I don’t think there is particular significance in the mention of Martha and Mary without Lazarus, though it is a question worth raising; in John 11 Mary is mentioned before Martha, even though Martha’s name means ‘chief one’ (related to the Aramaic ‘Mar’ meaning ‘Lord’).

And, as Richard Bauckham has demonstrated, the very way that Mary and Martha are introduced, with the parenthetical aside about the anointing of Jesus, indicates that the writer of the Fourth Gospel expects his readers to be familiar with the Synoptic mentions of Mary and Martha. So we are following the clues of the Fourth Gospel itself in linking John 11 with Luke 10.

Moreover, if the Fourth Gospel is coy about mentioning Mary Magdalene by her name here in John 11, why is there no coyness in John 20? Claiming that the situation has changed nine chapters on isn’t very convincing.

And Mary Magdalene does not in fact make the kind of Christological confession that we find on Martha’s lips as Butler Bass claims; she has confused two texts (ironically!). To Jesus, she simply addresses him as ‘Rabbouni’, ‘my teacher’, and only later does she refer to him as Lord, when speaking to the disciples.

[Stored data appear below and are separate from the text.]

Lemma approx_mul k U1 U2 f g P Q : approx k U1 f P -> approx k U2 g Q ->
  approx k (U1 + U2) (smul f g) (P * Q).
Proof.
move=> [hf ef] [hg eg]; split; first exact: tdeg_le_smul.
apply: eq_upto_trans (eq_upto_mul ef eg).
move=> m hm; rewrite coef_trunc // coefAt_smul_tdeg_le // coefM; apply: eq_bigr => i _.
have hi : (i < k)%N by apply: leq_ltn_trans hm; rewrite -ltnS.
rewrite !coef_trunc //; apply: leq_ltn_trans hm; exact: leq_subr.
Qed.

Lemma approx_shift k U f P (j : nat) : approx k U f P -> approx k (U + j%:Z) f ('X^j * P).
Proof.
move=> [hf ef]; split; first by apply: (tdeg_le_trans hf); lia.
move=> m hm; rewrite coef_trunc // coefXnM.
case: ltnP => hmj; first by rewrite hf //; lia.
rewrite -ef; last by apply: leq_ltn_trans hm; exact: leq_subr.
rewrite coef_trunc; last by apply: leq_ltn_trans hm; exact: leq_subr.
congr coefAt; lia.
Qed.

Lemma approx_const k c : approx k 0 (sconst c) c%:P.
Proof.
split; first by move=> e he; rewrite coefAt_gt.
move=> m hm; rewrite coef_trunc // coefC.
have -> : (0 : int) - m%:Z = stop (sconst c) - m%:Z by [].
by rewrite coefAt_sub.
Qed.

Lemma approx_stpow k j : approx k j%:Z (stpow K j) 1.
Proof.
split; first by move=> e he; rewrite coefAt_gt.
move=> m hm; rewrite coef_trunc // coef1.
have -> : j%:Z - m%:Z = stop (stpow K j) - m%:Z by [].
by rewrite coefAt_sub /=; case: (m == 0)%N.
Qed.

Lemma approx0 k U : approx k U (sconst 0) 0.
Proof.
split; first by move=> e _; rewrite coefAt_sconst0.
by move=> m hm; rewrite coef_trunc // coefAt_sconst0 coef0.
Qed.

Lemma approx_big k U (I : Type) (r : seq I) (F : I -> ser K) (P : I -> {poly K}) :
  (forall i, approx k U (F i) (P i)) ->
  approx k U (\big[@sadd K/sconst 0]_(i <- r) F i) (\sum_(i <- r) P i).
Proof.
move=> h; apply: (big_ind2 (approx k U)); first exact: approx0.
  by move=> ? ? ? ?; apply: approx_add.
by move=> i _; apply: h.
Qed.

Lemma approx_sexp k (d : int) phi Phi (j : nat) : approx k d phi Phi ->
  approx k (d * j%:Z) (sexp phi j) (Phi ^+ j).
Proof.
move=> h; elim: j => [|j IH].
  by rewrite mulr0 expr0; apply: approx_const.
have -> : d * j.+1%:Z = d + d * j%:Z by lia.
by rewrite exprS; apply: approx_mul.
Qed.

Definition evalx_poly (n N : nat) (u : {poly K}) : {poly K} :=
  \sum_(i < size u) (u`_i)%:P * 'X^(n * (N - i))%N.
Definition eval2_poly (n d N M : nat) (Phi : {poly K}) (Q : {poly {poly K}}) : {poly K} :=
  \sum_(j < size Q) evalx_poly n N Q`_j * (Phi ^+ j * 'X^(d * (M - j))%N).

Lemma approx_evalx k n N (u : {poly K}) : (size u <= N.+1)%N ->
  approx k (n * N)%N%:Z (evalx n u) (evalx_poly n N u).
Proof.
move=> hs; rewrite /evalx /evalx_poly; apply: approx_big => i.
have hi : (i <= N)%N by rewrite -ltnS; apply: leq_trans hs.
have := approx_shift (n * (N - i)) (approx_mul (approx_const k u`_i) (approx_stpow k (n * i))).
by rewrite mulr1 mulrC add0r -PoszD -mulnDr subnKC.
Qed.

Definition bideg_le (N M : nat) (Q : {poly {poly K}}) :=
  (size Q <= M.+1)%N /\ forall j, (size (Q`_j)%R <= N.+1)%N.

Lemma approx_eval2 k n (d : nat) N M (Q : {poly {poly K}}) phi (Phi : {poly K}) :
  bideg_le N M Q -> approx k d%:Z phi Phi ->
  approx k (n * N + d * M)%N%:Z (eval2 n Q phi) (eval2_poly n d N M Phi Q).
Proof.
move=> [hQ hQj] hphi; rewrite /eval2 /eval2_poly; apply: approx_big => j.
have hj : (j <= M)%N by rewrite -ltnS; apply: leq_trans hQ.
have := approx_shift (d * (M - j)) (approx_mul (approx_evalx k n (hQj j)) (approx_sexp j hphi)).
have -> : 'X^(d * (M - j))%N * (evalx_poly n N Q`_j * Phi ^+ j) =
  evalx_poly n N Q`_j * (Phi ^+ j * 'X^(d * (M - j))%N) by rewrite mulrC mulrA.
by rewrite -!PoszM -!PoszD -addnA -mulnDr subnKC.
Qed.

End Series.

Section Bivariate.
Variable K : fieldType.
Implicit Types (q Q : {poly {poly K}}) (a b z : K).

Definition ev2 Q a b : K := (Q.[b%:P]).[a].

Lemma ev2E Q a b :
  ev2 Q a b = \sum_(j < size Q) \sum_(i < size Q`_j) Q`_j`_i * a ^+ i * b ^+ j.
Proof.
rewrite /ev2 (horner_coef Q) horner_sum; apply: eq_bigr => j _.
by rewrite hornerM -rmorphXn hornerC horner_coef mulr_suml.
Qed.

Lemma ev2D Q1 Q2 a b : ev2 (Q1 + Q2) a b = ev2 Q1 a b + ev2 Q2 a b.
Proof. by rewrite /ev2 !hornerD. Qed.

Lemma ev2M Q1 Q2 a b : ev2 (Q1 * Q2) a b = ev2 Q1 a b * ev2 Q2 a b.
Proof. by rewrite /ev2 !hornerM. Qed.

Lemma ev2C (u : {poly K}) a b : ev2 u%:P a b = u.[a].
Proof. by rewrite /ev2 hornerC. Qed.

Lemma ev2_transf c1 c2 N M q a b :
  ev2 (transf (Some c1) (Some c2) N M q) a b =
  \sum_(j < size q) \sum_(i < size q`_j)
     q`_j`_i * ((c1 * a + 1) ^+ i * a ^+ (N - i)) * ((c2 * b + 1) ^+ j * b ^+ (M - j)).
Proof.
rewrite /ev2 /transf !horner_sum; apply: eq_bigr => j _.
rewrite !horner_sum; apply: eq_bigr => i _.
by rewrite /mobx /moby !hornerE.
Qed.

And in being the ‘apostle to the apostles’, the first witness to the resurrection, she is indeed foundational. If the later commentators have missed this or ignored it, that is not because it was buried in some manuscript variant; it is right there in the text. We don’t need any more conspiracy theories about John 11 in order to put her in the place of honour that she deserves.


So the question then arises: why has Butler Bass’ sermon gained such interest? And why the interest in Schrader’s unlikely hypothesis which, even were it true, adds little to the important role of women in the early Jesus movement?

It is rather ironic that Butler Bass claims ‘This is not a Dan Brown novel’, because that is precisely what it resembles. She introduces Schrader as someone who has a word from God, and after many years of digging and exploration, unearths a secret that the powerful enclave of male scholars has kept hidden all this time! In case we missed it, she helps us by describing the initially sceptical text committee as ‘the guardians of the Greek New Testament. They are as stuffy as you can imagine. They are basically a whole bunch of very old German men…’ and this young woman comes along and surprises them with something that, despite all their learning, they had never spotted before!

Now, don’t get me wrong; it is possible to spot things that other people have not seen before. I have done it myself. And it is important to critique our traditions of interpretation against what the text actually says. I have also done this before—pointing out, for example, that Jesus was not born in a stable as most people suppose.

But critiquing the tradition of interpretation in the light of the text is very different from critiquing the text as we have it in the light of the text as someone, through an unconvincing theory, tries to tell us that text is really saying, if only there had not been a grand conspiracy to cover it up!

What is strange here is Butler Bass’ relationship to the text of the Bible. She sits in the ‘progressive’ tradition of those who have left the evangelical tradition, and this leads to a paradox: she is uncomfortable with reading the text as it is; but unlike those who are dyed-in-the-wool liberals, she cannot quite let go of the text, and won’t simply say ‘the text is wrong’. So she seems to have to find a way of redeeming the text from what it actually says.

And in doing so, she sets herself up as the person with the inside knowledge which, if we will only believe her, will allow us to have the text say what we really want it to. She is in a position of power, exercising the priesthood of the interpreter, who deigns to ‘let us in on’ her scholarly secrets. And most hearers will not have the knowledge to question her claims.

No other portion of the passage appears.